Cherrybrook Kitchen
- Company type: Private
- Industry: Food
- Founded: 2004
- Headquarters: Burlington, Massachusetts, United States
- Key people: Patsy Rosenberg, Founder
- Products: Allergen-free baking mixes
- Website: cherrybrookkitchen.com

= Cherrybrook Kitchen =

American bakery

Cherrybrook Kitchen is a privately held company producing baking products for the food allergy market. The company was founded in 2004 by Patsy Rosenberg and is headquartered in Burlington, Massachusetts. The company was acquired by Cell-nique in 2011.

Cherrybrook Kitchen was founded in response to the growing number of children and adults diagnosed with food allergies. 11 million adults and children are affected by peanut, dairy, egg and nut allergens, while approximately one in 133 Americans has Celiac Disease.
Cherrybrook Kitchen offers two lines of gourmet baking mixes: Original and Gluten Free.
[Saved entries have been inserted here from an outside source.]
(* Let $D(z)=\frac{1-\sqrt{1-4z^2}}{2z^2}$, $E(z)=zD(z)=\frac{1-\sqrt{1-4z^2}}{2z}$ and $M_{up}(z,u)=\frac{uE(z)}{1-uE(z)}$. Then for every $k\ge 1$, \[ F_k(z,u)=\frac{1}{z^{k-2}}\frac{d}{dz}\left(z^{k-1}\,\frac{u\,F_{k-1}(z,u)-E(z)\,F_{k-1}(z,E(z))}{u-E(z)}\,M_{up}(z,u)\right), \] where $F_0(z,u)=1$; and for every $k\ge 0$, \[ B_k(z)=F_k(z,E(z))\,D(z). \]
   Context: A bicolored Dyck meander is a finite sequence of steps from $\{U_1,U_2,D\}$, where $U_1$ and $U_2$ raise the height by $1$ and $D$ lowers it by $1$, starting at height $0$ and never going below height $0$; its length is its number of steps. A bicolored Dyck path is a bicolored Dyck meander ending at height $0$. The weight of such a path is the product, over all its $U_2$ steps, of $m+j-1$, where that $U_2$ step is the $m$-th step of the path and the $j$-th $U_2$ step of the path ($U_1$ and $D$ steps have weight $1$). For $k\ge1$, let $f_{k,n,\ell}$ be the total weight of bicolored Dyck meanders of length $n$ with exactly $k$ steps $U_2$, whose last step is a $U_2$ step, and which end at height $\ell$; set $F_k(z,u)=\sum_{n,\ell\ge 0}f_{k,n,\ell}z^nu^\ell$. For $k\ge 0$, $B_k(z)$ is the sum over all bicolored Dyck paths with exactly $k$ steps $U_2$ of (weight)$\cdot z^{\text{length}}$. *)

From Stdlib Require Import Reals List Arith Bool.
From Coquelicot Require Import Coquelicot.
Import ListNotations.
Open Scope R_scope.

(** Steps of a bicolored Dyck meander: U1, U2 (up, +1) and Dn (down, -1). *)
Inductive step : Type := U1 | U2 | Dn.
The Original Line includes all-natural gourmet baking mixes that are free of peanuts, dairy, eggs and nuts; the gluten free line, introduced in 2005 as Gluten Free Dreams, is made with rice flour and is free of gluten and wheat in addition to peanuts, dairy, eggs and nuts. .

In 2009, the firm announced a new partnership with Arthur, the award-winning book series and PBS program.

The firm received a 2008 Kids Food Award from Kiwi Magazine and was recently named one of Parents Magazine's "Best Snacks for Kids with Food Allergies."

==Manufacturing==
All of Cherrybrook Kitchen's products are produced in a completely nut-free facility using dedicated equipment that do not share dairy or egg products. The mixes are routinely tested for allergen cross-contaminants. All of its products have been accepted by the Feingold Association, an organization dedicated to helping children and adults establish allergen-free diets. The mixes are also kosher, vegan certified and cholesterol free.